%%

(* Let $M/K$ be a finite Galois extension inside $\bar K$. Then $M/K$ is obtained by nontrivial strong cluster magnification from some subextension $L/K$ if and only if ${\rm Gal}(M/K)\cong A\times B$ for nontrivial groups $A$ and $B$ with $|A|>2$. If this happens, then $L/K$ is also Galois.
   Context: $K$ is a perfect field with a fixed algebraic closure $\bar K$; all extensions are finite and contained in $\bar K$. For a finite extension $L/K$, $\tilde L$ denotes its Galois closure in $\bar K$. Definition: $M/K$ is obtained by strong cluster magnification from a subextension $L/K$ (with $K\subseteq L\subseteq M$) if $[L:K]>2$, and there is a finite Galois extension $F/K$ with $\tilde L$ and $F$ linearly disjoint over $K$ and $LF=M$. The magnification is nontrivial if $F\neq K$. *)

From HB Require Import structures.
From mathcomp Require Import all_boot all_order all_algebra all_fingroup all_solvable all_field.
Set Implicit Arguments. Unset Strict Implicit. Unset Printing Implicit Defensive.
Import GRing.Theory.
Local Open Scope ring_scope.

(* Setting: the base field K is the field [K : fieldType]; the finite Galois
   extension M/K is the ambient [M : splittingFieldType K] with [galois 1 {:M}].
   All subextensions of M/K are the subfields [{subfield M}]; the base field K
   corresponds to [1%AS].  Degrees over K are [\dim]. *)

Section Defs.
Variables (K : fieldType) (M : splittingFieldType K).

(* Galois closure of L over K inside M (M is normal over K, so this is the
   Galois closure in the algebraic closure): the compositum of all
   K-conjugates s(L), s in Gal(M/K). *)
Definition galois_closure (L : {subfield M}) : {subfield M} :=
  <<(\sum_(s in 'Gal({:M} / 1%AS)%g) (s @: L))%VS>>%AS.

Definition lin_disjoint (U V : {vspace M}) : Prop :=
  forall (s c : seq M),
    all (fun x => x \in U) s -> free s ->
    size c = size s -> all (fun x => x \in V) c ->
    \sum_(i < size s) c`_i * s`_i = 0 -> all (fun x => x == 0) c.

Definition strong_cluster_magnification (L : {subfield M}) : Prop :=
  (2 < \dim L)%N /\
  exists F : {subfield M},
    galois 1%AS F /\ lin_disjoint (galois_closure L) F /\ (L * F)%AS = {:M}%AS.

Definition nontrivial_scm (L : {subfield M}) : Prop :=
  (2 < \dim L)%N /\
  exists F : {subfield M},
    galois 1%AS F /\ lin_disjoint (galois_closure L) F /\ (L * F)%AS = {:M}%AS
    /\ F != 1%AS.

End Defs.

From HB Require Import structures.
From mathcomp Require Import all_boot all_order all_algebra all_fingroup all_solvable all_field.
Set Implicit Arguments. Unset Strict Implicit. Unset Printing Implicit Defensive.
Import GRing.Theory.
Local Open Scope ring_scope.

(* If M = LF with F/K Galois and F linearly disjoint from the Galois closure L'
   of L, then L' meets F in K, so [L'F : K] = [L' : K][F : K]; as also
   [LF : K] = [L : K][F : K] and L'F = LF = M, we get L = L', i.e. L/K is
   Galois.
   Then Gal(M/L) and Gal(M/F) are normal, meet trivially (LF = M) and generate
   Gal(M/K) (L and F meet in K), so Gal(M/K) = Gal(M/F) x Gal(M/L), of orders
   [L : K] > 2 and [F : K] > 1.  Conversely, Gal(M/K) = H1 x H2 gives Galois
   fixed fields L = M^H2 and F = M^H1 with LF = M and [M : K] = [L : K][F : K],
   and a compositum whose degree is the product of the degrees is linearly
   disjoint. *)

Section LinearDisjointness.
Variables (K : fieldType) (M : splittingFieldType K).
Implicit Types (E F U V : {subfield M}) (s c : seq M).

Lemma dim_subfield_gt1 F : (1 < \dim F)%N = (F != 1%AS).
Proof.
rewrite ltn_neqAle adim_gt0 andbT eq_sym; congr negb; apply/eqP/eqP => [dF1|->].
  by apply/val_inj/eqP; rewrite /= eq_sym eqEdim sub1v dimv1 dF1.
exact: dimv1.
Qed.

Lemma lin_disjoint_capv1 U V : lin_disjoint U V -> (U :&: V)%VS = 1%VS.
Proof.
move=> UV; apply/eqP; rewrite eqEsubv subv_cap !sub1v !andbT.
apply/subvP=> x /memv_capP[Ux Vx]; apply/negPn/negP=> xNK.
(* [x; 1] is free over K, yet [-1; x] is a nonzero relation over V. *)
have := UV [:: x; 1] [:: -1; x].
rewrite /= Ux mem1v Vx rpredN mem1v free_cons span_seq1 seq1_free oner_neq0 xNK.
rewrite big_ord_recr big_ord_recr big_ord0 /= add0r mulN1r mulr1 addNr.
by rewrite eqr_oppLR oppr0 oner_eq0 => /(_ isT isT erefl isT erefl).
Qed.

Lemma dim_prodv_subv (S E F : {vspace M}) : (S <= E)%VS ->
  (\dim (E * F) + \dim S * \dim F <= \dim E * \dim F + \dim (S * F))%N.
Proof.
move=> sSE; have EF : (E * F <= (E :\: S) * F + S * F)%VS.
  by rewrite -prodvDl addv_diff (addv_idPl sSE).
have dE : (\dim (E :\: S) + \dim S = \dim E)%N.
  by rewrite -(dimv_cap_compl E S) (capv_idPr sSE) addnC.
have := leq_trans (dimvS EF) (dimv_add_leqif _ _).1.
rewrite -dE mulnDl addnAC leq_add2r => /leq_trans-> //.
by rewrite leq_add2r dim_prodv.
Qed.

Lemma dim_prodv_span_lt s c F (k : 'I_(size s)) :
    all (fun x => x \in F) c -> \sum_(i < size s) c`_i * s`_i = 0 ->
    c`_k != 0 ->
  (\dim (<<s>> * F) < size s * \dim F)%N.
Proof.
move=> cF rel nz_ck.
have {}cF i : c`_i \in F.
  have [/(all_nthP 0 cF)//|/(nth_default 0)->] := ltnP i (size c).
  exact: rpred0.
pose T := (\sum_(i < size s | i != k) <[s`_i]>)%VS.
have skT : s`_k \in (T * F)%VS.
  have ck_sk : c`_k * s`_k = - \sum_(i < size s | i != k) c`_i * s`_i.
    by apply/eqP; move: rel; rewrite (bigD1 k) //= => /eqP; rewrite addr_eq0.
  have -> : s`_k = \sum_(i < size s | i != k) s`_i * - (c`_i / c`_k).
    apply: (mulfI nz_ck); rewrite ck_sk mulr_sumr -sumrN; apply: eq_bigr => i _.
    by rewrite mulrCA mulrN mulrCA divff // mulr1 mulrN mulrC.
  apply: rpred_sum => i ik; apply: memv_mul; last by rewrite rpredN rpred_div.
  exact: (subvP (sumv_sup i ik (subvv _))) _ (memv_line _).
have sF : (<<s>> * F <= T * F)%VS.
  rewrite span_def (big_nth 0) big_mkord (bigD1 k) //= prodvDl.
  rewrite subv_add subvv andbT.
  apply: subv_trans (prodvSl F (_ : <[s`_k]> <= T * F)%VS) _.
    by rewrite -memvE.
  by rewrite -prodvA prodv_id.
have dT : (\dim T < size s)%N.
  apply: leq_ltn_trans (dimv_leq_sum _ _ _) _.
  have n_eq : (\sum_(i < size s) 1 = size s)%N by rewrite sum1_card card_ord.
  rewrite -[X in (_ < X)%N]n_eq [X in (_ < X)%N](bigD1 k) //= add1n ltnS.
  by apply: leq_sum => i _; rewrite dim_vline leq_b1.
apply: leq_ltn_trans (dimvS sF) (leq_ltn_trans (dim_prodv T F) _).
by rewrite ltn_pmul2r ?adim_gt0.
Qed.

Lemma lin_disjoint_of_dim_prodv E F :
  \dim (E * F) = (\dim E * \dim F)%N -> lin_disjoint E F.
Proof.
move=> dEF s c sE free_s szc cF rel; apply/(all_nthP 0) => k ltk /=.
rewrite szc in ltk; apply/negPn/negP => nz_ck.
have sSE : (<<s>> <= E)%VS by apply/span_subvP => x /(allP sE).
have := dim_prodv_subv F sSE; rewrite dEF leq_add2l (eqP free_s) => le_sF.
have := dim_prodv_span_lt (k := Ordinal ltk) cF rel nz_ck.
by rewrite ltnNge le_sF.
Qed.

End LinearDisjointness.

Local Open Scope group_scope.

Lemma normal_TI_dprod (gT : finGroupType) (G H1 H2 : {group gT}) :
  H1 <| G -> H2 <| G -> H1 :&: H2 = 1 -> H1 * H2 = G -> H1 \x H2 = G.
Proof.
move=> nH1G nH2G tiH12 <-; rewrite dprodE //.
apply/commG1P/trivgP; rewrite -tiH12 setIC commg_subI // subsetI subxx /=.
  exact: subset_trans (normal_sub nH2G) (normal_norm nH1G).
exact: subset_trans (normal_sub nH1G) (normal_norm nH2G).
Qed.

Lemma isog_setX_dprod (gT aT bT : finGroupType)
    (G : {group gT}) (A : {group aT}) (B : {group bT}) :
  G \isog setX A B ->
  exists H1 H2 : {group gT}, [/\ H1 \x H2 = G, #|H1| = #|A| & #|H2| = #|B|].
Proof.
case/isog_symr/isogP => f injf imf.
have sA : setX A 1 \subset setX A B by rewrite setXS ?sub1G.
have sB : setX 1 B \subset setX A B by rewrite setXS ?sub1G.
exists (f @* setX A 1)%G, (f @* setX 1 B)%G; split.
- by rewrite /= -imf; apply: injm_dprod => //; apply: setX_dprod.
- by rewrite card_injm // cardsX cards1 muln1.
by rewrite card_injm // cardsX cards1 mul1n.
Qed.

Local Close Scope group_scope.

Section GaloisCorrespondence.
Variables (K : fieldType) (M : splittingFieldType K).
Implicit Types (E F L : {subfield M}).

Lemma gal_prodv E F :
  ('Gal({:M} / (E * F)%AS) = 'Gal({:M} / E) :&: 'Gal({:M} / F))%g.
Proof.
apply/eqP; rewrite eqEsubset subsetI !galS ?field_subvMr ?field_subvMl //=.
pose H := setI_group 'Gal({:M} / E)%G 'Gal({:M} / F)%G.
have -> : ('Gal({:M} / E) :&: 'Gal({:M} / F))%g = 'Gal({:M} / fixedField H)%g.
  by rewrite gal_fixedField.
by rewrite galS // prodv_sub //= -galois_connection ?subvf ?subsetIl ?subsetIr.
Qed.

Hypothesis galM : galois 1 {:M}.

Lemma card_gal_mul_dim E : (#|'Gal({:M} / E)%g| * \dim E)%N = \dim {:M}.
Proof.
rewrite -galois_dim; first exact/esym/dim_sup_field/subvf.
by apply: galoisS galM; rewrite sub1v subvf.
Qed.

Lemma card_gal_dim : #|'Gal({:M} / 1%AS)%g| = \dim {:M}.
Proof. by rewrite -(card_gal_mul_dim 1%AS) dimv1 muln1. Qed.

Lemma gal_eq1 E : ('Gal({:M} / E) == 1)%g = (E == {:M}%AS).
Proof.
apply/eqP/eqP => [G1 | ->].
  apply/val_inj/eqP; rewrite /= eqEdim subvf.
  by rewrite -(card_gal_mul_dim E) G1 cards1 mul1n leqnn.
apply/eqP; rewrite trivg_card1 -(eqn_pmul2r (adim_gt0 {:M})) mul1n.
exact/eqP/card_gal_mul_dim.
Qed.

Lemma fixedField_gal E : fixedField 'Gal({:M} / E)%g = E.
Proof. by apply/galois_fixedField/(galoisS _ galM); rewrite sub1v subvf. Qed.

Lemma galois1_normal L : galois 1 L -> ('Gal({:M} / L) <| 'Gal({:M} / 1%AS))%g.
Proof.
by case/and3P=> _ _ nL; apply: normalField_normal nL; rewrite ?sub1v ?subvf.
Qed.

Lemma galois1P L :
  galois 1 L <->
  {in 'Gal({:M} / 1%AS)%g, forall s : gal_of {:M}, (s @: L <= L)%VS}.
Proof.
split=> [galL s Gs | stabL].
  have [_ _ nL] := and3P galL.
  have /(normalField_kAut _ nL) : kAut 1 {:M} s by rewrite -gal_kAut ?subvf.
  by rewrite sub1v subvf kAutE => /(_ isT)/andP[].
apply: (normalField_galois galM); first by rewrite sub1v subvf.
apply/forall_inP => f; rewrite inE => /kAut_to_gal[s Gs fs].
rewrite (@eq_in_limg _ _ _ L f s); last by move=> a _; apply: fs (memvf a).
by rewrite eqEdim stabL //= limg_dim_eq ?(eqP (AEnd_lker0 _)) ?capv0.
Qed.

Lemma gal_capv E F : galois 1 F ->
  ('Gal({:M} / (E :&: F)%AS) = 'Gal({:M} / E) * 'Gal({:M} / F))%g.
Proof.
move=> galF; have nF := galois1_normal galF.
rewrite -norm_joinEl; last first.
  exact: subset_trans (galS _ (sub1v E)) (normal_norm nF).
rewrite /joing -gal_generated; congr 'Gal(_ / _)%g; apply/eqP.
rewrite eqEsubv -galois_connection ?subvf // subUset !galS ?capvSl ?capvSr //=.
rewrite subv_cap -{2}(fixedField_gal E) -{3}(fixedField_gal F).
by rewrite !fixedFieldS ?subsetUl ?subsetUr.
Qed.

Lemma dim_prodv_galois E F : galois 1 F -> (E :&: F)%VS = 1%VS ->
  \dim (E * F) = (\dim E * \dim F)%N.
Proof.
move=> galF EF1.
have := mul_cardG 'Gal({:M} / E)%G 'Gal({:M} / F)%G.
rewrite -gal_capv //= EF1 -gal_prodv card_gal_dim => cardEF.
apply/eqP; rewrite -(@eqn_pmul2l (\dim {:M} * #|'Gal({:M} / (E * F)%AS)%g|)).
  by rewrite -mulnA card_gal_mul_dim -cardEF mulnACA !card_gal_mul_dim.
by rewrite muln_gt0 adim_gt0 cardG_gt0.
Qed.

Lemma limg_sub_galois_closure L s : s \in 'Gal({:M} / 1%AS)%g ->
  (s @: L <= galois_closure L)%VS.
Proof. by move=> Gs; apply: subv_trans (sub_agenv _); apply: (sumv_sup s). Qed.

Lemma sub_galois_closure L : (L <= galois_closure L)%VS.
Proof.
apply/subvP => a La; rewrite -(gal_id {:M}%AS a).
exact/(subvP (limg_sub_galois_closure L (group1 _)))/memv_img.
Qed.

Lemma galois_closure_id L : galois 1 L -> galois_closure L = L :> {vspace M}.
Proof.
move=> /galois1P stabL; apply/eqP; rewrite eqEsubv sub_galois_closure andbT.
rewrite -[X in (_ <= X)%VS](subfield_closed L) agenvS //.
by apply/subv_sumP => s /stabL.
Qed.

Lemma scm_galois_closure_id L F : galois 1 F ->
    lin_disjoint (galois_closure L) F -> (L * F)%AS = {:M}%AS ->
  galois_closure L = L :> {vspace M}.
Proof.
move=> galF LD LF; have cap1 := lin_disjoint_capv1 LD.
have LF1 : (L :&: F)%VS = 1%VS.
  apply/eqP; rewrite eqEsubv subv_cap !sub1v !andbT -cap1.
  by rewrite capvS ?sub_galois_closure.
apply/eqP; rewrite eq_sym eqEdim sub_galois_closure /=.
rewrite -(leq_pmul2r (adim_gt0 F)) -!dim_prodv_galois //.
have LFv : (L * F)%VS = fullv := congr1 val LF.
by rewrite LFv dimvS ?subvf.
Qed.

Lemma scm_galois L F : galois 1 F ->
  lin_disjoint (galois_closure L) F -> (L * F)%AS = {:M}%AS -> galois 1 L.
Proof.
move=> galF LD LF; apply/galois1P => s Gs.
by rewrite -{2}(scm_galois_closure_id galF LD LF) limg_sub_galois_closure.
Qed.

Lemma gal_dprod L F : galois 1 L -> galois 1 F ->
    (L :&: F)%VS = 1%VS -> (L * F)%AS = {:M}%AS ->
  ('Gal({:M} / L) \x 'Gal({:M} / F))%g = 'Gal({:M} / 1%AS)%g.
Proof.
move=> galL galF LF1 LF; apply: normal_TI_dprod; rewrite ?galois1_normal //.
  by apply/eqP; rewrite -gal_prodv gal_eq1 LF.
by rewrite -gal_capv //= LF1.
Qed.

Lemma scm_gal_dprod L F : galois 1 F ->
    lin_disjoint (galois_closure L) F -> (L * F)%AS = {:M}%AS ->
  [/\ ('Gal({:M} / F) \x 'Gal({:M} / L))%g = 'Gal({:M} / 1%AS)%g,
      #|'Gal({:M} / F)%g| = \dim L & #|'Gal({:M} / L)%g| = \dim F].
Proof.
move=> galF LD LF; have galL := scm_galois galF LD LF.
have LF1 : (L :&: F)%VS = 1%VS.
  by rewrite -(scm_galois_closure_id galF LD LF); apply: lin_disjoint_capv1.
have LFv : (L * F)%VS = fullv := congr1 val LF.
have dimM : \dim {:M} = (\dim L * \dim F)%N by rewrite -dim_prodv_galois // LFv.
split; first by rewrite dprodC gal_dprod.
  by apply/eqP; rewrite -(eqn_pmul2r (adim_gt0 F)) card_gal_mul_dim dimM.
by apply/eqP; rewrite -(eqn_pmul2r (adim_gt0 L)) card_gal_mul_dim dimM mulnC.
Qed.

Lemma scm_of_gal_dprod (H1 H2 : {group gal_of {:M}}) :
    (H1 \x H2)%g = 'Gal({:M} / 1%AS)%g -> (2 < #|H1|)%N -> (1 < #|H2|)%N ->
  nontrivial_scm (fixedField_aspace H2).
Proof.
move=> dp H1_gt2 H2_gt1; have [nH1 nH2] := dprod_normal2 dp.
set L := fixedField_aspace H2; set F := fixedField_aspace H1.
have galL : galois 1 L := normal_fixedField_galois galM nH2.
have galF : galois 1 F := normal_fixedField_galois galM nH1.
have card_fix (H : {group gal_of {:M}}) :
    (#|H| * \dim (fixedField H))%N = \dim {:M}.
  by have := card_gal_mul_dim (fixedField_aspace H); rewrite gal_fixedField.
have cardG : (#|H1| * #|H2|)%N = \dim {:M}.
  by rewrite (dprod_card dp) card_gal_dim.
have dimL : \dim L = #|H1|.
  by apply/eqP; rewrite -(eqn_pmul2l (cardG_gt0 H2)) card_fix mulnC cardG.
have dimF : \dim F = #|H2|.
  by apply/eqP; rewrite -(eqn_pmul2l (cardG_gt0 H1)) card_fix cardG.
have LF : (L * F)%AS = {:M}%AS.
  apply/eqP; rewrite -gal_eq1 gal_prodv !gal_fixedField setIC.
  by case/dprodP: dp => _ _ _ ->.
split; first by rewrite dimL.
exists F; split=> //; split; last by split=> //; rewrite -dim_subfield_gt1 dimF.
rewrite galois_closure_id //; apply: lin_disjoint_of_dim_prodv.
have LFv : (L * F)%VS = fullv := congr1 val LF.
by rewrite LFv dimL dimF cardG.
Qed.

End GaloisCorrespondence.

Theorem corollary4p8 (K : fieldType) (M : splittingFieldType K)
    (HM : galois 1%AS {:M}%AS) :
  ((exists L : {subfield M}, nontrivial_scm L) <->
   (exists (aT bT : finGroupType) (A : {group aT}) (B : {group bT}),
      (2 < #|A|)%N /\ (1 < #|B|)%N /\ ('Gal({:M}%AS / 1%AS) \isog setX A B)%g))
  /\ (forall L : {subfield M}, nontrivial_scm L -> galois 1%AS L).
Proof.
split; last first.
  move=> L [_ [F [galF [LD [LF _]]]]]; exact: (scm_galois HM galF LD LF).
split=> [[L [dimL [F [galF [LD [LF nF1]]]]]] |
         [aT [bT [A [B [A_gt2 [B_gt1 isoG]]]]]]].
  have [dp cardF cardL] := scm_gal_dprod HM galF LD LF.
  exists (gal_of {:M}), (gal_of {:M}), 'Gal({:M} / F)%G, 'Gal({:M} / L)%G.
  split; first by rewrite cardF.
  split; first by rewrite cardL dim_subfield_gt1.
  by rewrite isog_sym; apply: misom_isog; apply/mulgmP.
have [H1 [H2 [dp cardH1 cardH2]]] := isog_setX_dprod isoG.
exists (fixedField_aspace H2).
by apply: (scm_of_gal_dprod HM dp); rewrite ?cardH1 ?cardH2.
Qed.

%%

■ EXERCISE PROMPT
Keep both end lines and retype everything in the records above from the line containing "H1 <| G -> H2" through the line containing "have sA : setX", exactly, with nothing else.

■ ANSWER TO THIS EXERCISE
  H1 <| G -> H2 <| G -> H1 :&: H2 = 1 -> H1 * H2 = G -> H1 \x H2 = G.
Proof.
move=> nH1G nH2G tiH12 <-; rewrite dprodE //.
apply/commG1P/trivgP; rewrite -tiH12 setIC commg_subI // subsetI subxx /=.
  exact: subset_trans (normal_sub nH2G) (normal_norm nH1G).
exact: subset_trans (normal_sub nH1G) (normal_norm nH2G).
Qed.

Lemma isog_setX_dprod (gT aT bT : finGroupType)
    (G : {group gT}) (A : {group aT}) (B : {group bT}) :
  G \isog setX A B ->
  exists H1 H2 : {group gT}, [/\ H1 \x H2 = G, #|H1| = #|A| & #|H2| = #|B|].
Proof.
case/isog_symr/isogP => f injf imf.
have sA : setX A 1 \subset setX A B by rewrite setXS ?sub1G.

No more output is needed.